Description:
I found a reproducible NDB data divergence candidate in MySQL Cluster Community Server 9.3.0-cluster.
I used two otherwise identical NDB clusters side by side (A and B) to detect behavioral differences under the same data seed and the same SQL workload. The only intentional difference was:
- Cluster A: default / baseline setting
- Cluster B: [ndbd default] TimeBetweenGlobalCheckpoints changed from 2000 to 20
Topology on each side:
- 1 management node
- 4 data nodes (ndbmtd)
- 4 SQL/API nodes (mysqld)
Both sides were healthy before the failing phase:
- all data nodes were started
- all SQL/API nodes were connected
- local SQL health checks succeeded
- metadata / table definitions matched on both sides
Test shape:
- database: depstatepp_bughunt
- 4 NDB tables involved:
- trial_case_000000_depstate_canary
- trial_case_000000_0
- trial_case_000000_1
- trial_case_000000_2
- all tables use ENGINE=NDBCLUSTER
- the 3 main trial tables have the same schema pattern:
(case_id, table_idx, k, node_hint, payload, v)
with PRIMARY KEY(case_id, table_idx, k)
and KEY idx_node_hint(node_hint)
What I did:
1. Seeded both clusters with the same initial data.

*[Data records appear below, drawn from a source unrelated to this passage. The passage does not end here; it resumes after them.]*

Definition ip (R : realType) (n : nat) (y x : 'cV[R]_n) : R := \sum_i y i 0 * x i 0.

Definition dual_cone (R : realType) (n : nat) (C : set 'cV[R]_n) : set 'cV[R]_n :=
  [set y | forall x, C x -> 0 <= ip y x].

Definition indiv_ev_nonneg (R : realType) (n : nat) (C : set 'cV[R]_n) (A : 'M[R]_n) :=
  forall x, C x -> exists t0 : R, 0 <= t0 /\
    forall t : R, t0 <= t -> C (mexp (t *: A) *m x).

Definition unif_ev_nonneg (R : realType) (n : nat) (C : set 'cV[R]_n) (A : 'M[R]_n) :=
  exists t0 : R, 0 <= t0 /\
    forall t : R, t0 <= t -> forall x, C x -> C (mexp (t *: A) *m x).

(* Coordinates x_1..x_4 of the paper are entries 0..3 here. *)
Definition K4 (R : realType) : set 'cV[R]_4 :=
  [set x | (x 1 0) ^+ 2 + (x 2 0) ^+ 2 + (x 3 0) ^+ 2 <= 2 * x 0 0 * x 1 0
           /\ 0 <= x 0 0].

Definition K4dual (R : realType) : set 'cV[R]_4 :=
  [set x | (x 2 0) ^+ 2 + (x 3 0) ^+ 2 <= (x 0 0) ^+ 2 + 2 * x 0 0 * x 1 0
           /\ - x 1 0 <= x 0 0].

Definition A4 (R : realType) : 'M[R]_4 :=
  \matrix_(i < 4, j < 4)
    (if (i == 0 :> nat) && (j == 1 :> nat) then 1
     else if (i == 2 :> nat) && (j == 3 :> nat) then 4 * pi
     else if (i == 3 :> nat) && (j == 2 :> nat) then - pi
     else 0).

Arguments K4 R : clear implicits.
Arguments K4dual R : clear implicits.
Arguments A4 R : clear implicits.

From HB Require Import structures.
From mathcomp Require Import all_boot all_order all_algebra.
From mathcomp Require Import all_classical all_reals all_analysis.
From mathcomp Require Import ring lra.
Import Order.TTheory GRing.Theory Num.Theory.
Import numFieldNormedType.Exports.
Local Open Scope classical_set_scope.
Local Open Scope ring_scope.

(* The matrix A = A4 is block diagonal: a nilpotent Jordan block on the
   coordinates 0,1 and the generator of "elliptic rotations" on 2,3.  Hence,
   with th = 2 pi t,
     e^{tA} = [[1, t], [0, 1]]  (+)  [[cos th, 2 sin th], [-(sin th)/2, cos th]].
   The rotation block preserves the form a^2 + 4 b^2 and thus enlarges
   Euclidean length by at most a factor 2.  The dual cone is computed by
   Cauchy-Schwarz (one inclusion) and by testing against explicit elements of
   the cone (the other).  Individual eventual nonnegativity, for K4 and for its
   dual, follows because one coordinate grows linearly in t while the rotated
   part stays bounded.  Uniform eventual nonnegativity fails at the times
   t = n + 1/4, where the rotation block is [[0, 2], [-1/2, 0]], on the vectors
   (t + 1, 1/(t + 1), 0, 1) of K4. *)

Lemma limn_exp_series {R : realType} {f g : nat -> R} {a l v : R} :
  (forall k, (k`!%:R)^-1 * f k = a * g k) -> series g @ \oo --> l -> v = a * l ->
  limn (fun N : nat => \sum_(k < N) ((k`!)%:R^-1 * f k)) = v.
Proof.
move=> fg g_cvg ->; apply: cvg_lim; first exact: Rhausdorff.
have -> : (fun N : nat => \sum_(k < N) ((k`!)%:R^-1 * f k)) =
          (fun N => a * series g N).
  apply/funext => N; rewrite /series /= big_mkord mulr_sumr.
  by apply: eq_bigr => k _; exact: fg.
exact: cvgMl_tmp.
Qed.

Lemma cvg_series_cos {R : realType} (x : R) : series (cos_coeff x) @ \oo --> cos x.
Proof. by rewrite cos.unlock; exact: is_cvg_series_cos_coeff. Qed.

Lemma cvg_series_sin {R : realType} (x : R) : series (sin_coeff x) @ \oo --> sin x.
Proof. by rewrite sin.unlock; exact: is_cvg_series_sin_coeff. Qed.

Lemma cvg_series_indicator (R : realType) (m : nat) :
  series (fun k => (k == m)%:R : R) @ \oo --> (1 : R).
Proof.
have partial N : series (fun k => (k == m)%:R : R) N = (m < N)%:R.
  elim: N => [|N IH]; first by rewrite /series /= big_geq.
  move: IH; rewrite /series /= big_nat_recr //= => ->.
  by rewrite ltnS; case: (ltngtP m N); rewrite /= ?addr0 ?add0r.
apply: cvg_near_cst; exists m.+1 => // N /= hN.
by rewrite partial hN.
Qed.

2. Ran the same pre-action SQL on both sides using 4 concurrent SQL clients.
3. Executed a management metadata command on both sides:
ndb_mgm -e SHOW
4. Immediately after that, ran the same post-action SQL on both sides, again with 4 concurrent SQL clients.
The post-action SQL pattern was:
- one canary INSERT/UPSERT per client
- then, for each client shard, 3 UPDATE statements:
UPDATE trial_case_000000_X
SET v = v + 7
WHERE case_id='case_000000' AND node_hint=<shard>
- each UPDATE was followed by a COUNT/SUM query
What I expected:
Since the two sides had the same seed data, the same table definitions, the same client-sharded SQL, and all updates were logically shard-local by node_hint, I expected both sides either:
1) to complete successfully and end in the same final data state, or
2) to fail in the same way.
What actually happened:
- On cluster A, SQL client 3 (running on depstate-a-ndb4) failed in the post-action phase with:
ERROR 1205 (HY000): Lock wait timeout exceeded; try restarting transaction
- The failure happened at line 4 of that client script, i.e. on the first post-action UPDATE:
UPDATE trial_case_000000_0
SET v = v + 7
WHERE case_id='case_000000' AND node_hint=3
- On cluster B, the corresponding client completed successfully.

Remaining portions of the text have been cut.